Each line of the records below that holds "last" should be copied out.

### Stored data
== Segment start ==

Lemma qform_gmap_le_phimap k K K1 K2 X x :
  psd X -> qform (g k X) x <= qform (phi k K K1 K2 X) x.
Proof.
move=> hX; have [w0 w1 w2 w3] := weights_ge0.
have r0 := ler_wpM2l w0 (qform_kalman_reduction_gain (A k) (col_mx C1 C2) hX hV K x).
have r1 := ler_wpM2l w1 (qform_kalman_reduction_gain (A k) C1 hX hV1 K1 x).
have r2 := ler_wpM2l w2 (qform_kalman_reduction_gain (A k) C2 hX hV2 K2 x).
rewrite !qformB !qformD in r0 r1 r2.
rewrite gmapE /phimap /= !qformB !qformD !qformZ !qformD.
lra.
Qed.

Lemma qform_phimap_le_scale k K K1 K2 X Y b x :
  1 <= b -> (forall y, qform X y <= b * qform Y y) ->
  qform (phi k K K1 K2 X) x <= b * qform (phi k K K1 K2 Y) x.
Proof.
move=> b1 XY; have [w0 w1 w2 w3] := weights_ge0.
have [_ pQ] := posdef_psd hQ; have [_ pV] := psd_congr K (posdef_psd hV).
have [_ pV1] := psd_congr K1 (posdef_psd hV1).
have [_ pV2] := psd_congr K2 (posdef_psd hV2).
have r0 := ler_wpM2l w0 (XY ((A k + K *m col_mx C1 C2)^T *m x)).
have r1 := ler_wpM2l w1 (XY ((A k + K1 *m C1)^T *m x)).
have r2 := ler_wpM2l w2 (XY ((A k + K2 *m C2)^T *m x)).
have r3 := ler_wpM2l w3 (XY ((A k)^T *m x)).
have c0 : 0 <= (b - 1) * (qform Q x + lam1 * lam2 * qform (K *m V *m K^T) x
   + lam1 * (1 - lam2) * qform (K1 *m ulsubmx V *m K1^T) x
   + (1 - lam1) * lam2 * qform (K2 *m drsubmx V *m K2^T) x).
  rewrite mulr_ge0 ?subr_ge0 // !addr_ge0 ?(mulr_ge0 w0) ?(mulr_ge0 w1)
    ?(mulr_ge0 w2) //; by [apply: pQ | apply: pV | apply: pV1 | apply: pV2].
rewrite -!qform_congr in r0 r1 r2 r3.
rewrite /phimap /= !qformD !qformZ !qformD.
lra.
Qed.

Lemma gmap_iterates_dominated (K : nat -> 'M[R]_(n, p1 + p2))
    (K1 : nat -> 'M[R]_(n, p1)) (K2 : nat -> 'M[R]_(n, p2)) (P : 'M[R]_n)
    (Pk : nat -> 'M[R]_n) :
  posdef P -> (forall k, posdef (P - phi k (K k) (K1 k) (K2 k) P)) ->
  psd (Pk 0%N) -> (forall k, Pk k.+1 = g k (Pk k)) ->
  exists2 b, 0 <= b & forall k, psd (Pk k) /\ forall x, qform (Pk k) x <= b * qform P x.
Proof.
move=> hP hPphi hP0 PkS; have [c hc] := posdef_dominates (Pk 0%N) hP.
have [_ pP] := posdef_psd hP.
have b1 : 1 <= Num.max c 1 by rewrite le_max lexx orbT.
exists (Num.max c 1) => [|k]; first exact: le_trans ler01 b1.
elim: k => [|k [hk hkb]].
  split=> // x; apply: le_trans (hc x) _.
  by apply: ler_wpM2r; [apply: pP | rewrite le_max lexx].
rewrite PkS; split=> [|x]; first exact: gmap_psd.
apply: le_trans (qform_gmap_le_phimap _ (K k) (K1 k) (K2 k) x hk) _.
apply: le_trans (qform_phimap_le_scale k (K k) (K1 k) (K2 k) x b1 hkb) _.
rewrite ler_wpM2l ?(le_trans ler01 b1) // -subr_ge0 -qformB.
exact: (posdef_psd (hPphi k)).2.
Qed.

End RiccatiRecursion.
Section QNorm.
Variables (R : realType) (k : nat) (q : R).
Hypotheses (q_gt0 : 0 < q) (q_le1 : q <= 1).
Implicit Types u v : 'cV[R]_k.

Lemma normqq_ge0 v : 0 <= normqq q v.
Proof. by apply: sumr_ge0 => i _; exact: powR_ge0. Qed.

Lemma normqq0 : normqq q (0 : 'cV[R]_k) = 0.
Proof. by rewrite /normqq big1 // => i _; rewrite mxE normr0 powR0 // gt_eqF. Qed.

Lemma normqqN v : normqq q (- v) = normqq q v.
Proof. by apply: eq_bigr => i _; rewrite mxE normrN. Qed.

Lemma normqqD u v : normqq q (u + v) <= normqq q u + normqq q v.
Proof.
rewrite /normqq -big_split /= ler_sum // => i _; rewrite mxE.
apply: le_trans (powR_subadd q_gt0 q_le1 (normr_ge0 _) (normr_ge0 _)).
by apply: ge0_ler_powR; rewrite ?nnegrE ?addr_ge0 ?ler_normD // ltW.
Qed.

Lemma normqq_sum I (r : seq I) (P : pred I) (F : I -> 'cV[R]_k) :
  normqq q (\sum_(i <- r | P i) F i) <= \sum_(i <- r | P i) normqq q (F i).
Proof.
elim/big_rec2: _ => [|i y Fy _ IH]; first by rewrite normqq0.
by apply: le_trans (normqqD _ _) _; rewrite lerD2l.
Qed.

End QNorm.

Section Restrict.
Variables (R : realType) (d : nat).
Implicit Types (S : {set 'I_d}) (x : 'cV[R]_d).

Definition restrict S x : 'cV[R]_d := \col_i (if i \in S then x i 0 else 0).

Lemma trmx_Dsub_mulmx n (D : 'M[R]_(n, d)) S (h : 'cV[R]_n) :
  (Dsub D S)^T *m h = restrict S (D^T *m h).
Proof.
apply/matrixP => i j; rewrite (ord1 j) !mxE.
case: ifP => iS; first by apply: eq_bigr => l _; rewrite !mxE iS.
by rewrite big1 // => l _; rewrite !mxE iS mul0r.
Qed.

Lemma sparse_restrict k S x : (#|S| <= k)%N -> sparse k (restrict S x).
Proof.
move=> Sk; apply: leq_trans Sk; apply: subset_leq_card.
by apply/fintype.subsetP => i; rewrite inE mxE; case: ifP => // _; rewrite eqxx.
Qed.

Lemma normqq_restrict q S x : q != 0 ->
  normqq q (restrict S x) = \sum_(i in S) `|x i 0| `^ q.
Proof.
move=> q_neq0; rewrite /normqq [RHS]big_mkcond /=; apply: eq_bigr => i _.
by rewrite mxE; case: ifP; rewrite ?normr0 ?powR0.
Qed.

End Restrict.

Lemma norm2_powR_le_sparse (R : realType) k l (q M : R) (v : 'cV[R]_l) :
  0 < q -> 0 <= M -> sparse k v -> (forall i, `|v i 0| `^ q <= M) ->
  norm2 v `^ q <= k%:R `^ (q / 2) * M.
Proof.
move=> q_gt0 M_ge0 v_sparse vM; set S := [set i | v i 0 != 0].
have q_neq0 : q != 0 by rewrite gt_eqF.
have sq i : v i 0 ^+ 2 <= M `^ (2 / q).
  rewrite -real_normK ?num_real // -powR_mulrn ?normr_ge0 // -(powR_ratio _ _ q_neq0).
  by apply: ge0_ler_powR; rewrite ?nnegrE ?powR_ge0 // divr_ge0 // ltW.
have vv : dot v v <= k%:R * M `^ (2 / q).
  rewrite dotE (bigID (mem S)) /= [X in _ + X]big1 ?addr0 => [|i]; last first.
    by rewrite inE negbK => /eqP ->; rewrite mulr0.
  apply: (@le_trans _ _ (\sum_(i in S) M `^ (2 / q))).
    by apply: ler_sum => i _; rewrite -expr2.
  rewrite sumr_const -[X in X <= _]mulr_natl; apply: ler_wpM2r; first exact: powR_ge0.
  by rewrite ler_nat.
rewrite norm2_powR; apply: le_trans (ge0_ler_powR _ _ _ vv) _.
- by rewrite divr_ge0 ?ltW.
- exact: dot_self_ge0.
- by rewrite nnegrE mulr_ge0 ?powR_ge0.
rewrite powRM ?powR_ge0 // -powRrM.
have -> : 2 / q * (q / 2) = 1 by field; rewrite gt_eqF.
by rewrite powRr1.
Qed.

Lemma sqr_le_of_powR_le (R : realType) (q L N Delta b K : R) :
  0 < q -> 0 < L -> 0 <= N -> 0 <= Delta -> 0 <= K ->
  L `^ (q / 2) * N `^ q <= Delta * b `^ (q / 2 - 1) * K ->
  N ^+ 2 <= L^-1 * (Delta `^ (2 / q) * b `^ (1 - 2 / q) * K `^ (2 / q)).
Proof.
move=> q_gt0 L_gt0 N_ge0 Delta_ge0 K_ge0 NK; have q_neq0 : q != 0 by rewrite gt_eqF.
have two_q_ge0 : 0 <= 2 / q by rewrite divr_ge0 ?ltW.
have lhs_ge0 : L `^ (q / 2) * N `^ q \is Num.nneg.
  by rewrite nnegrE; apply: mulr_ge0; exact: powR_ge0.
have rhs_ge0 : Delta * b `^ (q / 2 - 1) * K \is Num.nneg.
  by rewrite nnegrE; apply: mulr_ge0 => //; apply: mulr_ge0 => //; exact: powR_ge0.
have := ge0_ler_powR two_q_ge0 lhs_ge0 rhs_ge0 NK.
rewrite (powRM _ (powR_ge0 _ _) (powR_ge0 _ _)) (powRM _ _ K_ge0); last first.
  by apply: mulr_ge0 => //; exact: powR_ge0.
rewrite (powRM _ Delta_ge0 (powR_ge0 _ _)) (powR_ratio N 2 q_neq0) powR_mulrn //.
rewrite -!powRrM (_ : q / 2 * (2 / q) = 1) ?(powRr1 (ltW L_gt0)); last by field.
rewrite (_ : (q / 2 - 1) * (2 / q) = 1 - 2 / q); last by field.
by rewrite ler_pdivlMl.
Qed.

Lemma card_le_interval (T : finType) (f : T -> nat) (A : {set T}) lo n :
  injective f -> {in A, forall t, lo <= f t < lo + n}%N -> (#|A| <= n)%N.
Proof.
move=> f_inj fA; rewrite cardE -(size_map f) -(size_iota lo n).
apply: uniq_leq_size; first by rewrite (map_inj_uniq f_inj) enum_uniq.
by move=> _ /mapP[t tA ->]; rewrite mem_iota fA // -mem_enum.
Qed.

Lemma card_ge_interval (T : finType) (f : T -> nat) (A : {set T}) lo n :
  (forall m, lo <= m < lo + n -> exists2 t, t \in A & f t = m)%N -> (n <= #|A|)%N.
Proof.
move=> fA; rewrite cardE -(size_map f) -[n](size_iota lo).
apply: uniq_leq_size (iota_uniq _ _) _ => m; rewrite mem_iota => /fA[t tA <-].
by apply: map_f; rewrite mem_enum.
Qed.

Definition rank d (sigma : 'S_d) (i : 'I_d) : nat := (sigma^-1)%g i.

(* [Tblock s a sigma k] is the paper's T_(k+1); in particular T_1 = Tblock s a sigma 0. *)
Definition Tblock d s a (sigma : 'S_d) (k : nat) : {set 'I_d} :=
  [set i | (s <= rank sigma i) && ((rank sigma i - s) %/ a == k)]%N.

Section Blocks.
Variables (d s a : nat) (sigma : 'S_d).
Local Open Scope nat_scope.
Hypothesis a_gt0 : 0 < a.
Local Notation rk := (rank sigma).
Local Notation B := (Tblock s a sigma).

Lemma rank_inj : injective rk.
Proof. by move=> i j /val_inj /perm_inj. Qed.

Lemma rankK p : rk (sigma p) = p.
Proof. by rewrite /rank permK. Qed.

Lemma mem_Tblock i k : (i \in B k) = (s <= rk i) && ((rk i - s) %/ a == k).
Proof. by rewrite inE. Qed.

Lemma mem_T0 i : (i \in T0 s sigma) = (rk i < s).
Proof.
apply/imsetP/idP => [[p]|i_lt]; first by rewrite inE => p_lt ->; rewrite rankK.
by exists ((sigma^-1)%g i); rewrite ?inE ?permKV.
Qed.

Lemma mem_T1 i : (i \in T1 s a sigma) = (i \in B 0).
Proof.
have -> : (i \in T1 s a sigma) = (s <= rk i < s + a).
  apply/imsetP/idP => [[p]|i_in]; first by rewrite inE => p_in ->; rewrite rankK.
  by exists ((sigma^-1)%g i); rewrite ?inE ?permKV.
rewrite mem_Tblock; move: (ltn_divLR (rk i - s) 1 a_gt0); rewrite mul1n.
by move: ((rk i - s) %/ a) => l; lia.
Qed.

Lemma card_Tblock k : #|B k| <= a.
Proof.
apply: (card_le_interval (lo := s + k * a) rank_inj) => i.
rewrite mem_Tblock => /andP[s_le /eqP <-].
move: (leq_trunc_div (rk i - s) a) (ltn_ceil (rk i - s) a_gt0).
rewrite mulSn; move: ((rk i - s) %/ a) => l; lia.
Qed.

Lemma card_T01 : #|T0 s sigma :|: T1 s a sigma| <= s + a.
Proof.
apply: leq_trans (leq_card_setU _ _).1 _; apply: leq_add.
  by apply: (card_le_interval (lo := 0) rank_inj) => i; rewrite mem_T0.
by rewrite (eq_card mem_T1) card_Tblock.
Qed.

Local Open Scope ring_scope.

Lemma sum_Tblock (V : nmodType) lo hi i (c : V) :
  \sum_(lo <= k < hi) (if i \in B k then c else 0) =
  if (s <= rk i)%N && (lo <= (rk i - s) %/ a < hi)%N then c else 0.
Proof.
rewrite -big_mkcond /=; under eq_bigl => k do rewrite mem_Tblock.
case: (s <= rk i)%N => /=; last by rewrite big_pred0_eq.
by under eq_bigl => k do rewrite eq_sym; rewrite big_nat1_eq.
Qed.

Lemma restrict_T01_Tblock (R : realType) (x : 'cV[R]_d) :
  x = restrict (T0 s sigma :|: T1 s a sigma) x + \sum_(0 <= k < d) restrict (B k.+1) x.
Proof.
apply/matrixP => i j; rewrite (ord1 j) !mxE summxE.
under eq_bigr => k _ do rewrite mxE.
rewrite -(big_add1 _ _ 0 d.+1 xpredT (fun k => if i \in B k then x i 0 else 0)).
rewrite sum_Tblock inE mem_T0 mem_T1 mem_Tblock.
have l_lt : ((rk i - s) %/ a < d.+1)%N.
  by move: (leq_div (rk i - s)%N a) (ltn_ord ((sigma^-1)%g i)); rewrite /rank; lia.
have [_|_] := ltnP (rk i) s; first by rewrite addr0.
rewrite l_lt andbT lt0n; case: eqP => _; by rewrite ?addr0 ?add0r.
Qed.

== Segment end ==

### Response for this exercise
  rewrite dotE (bigID (mem S)) /= [X in _ + X]big1 ?addr0 => [|i]; last first.
rewrite (powRM _ (powR_ge0 _ _) (powR_ge0 _ _)) (powRM _ _ K_ge0); last first.
rewrite -!powRrM (_ : q / 2 * (2 / q) = 1) ?(powRr1 (ltW L_gt0)); last by field.
rewrite (_ : (q / 2 - 1) * (2 / q) = 1 - 2 / q); last by field.
case: (s <= rk i)%N => /=; last by rewrite big_pred0_eq.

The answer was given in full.